• _Material provided_:
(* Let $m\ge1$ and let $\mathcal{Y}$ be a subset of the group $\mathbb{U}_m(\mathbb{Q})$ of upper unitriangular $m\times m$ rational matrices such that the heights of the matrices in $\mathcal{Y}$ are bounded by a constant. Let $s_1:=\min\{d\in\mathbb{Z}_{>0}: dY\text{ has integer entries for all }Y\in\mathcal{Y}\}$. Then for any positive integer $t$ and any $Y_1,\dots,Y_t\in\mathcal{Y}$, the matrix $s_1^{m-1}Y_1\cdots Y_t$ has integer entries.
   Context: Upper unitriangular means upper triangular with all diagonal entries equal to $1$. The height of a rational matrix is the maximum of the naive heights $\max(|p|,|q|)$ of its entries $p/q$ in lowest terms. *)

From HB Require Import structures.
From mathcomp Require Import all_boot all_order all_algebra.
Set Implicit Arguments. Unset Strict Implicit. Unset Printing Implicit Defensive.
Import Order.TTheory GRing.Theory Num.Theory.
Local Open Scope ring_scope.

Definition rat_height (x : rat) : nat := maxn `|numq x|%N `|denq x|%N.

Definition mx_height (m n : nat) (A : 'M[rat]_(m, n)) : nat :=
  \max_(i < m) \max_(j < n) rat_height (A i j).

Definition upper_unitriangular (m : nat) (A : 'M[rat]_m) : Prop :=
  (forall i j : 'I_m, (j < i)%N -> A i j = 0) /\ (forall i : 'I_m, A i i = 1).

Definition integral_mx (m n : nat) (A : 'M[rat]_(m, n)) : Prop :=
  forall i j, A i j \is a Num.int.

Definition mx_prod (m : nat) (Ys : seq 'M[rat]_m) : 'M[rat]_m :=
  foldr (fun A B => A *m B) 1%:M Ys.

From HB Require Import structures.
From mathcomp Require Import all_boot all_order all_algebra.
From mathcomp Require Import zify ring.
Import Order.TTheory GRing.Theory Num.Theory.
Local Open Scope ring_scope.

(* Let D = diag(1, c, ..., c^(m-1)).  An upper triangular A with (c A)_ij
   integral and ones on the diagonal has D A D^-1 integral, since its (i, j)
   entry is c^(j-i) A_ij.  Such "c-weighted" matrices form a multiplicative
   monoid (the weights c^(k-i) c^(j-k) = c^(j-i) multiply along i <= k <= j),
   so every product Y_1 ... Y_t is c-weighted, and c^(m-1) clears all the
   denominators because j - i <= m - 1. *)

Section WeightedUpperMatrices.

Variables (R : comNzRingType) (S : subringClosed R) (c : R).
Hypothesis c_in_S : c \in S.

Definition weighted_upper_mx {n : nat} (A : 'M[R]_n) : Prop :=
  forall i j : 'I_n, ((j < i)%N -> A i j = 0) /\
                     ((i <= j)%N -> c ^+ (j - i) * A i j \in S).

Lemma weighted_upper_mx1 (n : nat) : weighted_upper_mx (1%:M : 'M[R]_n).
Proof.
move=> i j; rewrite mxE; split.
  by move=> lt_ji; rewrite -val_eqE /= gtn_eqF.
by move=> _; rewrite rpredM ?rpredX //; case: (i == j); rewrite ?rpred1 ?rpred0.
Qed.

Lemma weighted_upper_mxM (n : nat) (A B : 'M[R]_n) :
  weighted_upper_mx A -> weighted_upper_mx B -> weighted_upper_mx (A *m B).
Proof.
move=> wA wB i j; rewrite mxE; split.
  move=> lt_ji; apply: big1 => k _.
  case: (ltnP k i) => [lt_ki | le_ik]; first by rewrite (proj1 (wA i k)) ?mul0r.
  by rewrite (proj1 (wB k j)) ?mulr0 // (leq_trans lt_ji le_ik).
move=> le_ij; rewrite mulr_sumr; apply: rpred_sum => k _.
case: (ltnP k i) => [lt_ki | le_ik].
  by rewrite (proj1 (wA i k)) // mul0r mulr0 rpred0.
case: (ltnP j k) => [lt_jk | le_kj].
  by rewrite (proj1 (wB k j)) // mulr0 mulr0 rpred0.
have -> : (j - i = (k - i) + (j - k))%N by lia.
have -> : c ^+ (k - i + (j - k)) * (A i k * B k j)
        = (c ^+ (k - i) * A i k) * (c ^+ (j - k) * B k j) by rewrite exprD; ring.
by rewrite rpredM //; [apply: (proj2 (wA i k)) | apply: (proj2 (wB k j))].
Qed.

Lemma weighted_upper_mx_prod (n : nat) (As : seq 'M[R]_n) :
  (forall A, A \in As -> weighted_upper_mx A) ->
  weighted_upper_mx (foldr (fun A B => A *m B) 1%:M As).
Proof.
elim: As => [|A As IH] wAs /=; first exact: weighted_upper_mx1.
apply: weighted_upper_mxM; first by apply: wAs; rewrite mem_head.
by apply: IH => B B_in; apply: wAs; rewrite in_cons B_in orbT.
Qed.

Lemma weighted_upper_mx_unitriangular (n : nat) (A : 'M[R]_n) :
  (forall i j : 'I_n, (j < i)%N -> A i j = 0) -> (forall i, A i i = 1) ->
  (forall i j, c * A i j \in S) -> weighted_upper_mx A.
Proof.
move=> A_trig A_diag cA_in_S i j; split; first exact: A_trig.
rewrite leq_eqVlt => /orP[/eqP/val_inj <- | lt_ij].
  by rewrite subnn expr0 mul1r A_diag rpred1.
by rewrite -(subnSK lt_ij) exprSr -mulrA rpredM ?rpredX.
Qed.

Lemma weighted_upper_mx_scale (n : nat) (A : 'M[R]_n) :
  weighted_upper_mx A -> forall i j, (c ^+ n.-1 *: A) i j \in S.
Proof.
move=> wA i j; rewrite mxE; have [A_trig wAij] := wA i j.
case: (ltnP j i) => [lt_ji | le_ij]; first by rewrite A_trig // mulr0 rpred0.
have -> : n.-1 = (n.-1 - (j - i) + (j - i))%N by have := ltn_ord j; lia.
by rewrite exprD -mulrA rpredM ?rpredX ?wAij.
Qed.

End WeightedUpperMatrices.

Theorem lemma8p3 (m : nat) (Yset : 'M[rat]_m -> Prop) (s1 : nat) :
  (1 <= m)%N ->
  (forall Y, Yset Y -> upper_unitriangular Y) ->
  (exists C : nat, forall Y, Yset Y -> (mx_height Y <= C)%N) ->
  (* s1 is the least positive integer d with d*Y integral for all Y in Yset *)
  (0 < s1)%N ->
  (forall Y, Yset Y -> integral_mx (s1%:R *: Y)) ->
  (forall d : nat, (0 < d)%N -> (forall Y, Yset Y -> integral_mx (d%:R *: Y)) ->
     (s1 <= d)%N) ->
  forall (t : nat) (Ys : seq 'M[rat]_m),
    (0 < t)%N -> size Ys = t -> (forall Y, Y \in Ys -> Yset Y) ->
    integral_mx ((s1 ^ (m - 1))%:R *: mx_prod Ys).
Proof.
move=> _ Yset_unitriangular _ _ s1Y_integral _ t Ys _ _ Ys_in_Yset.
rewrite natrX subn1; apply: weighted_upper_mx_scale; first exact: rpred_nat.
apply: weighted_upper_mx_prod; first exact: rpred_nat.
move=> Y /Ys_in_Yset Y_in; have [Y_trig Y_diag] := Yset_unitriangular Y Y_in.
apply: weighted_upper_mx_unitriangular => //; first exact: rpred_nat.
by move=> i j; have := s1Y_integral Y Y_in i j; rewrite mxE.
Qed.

• _Prompt_: Answer only with the count of lines in the records that include the string "positive".

• _Completed exercise_: 2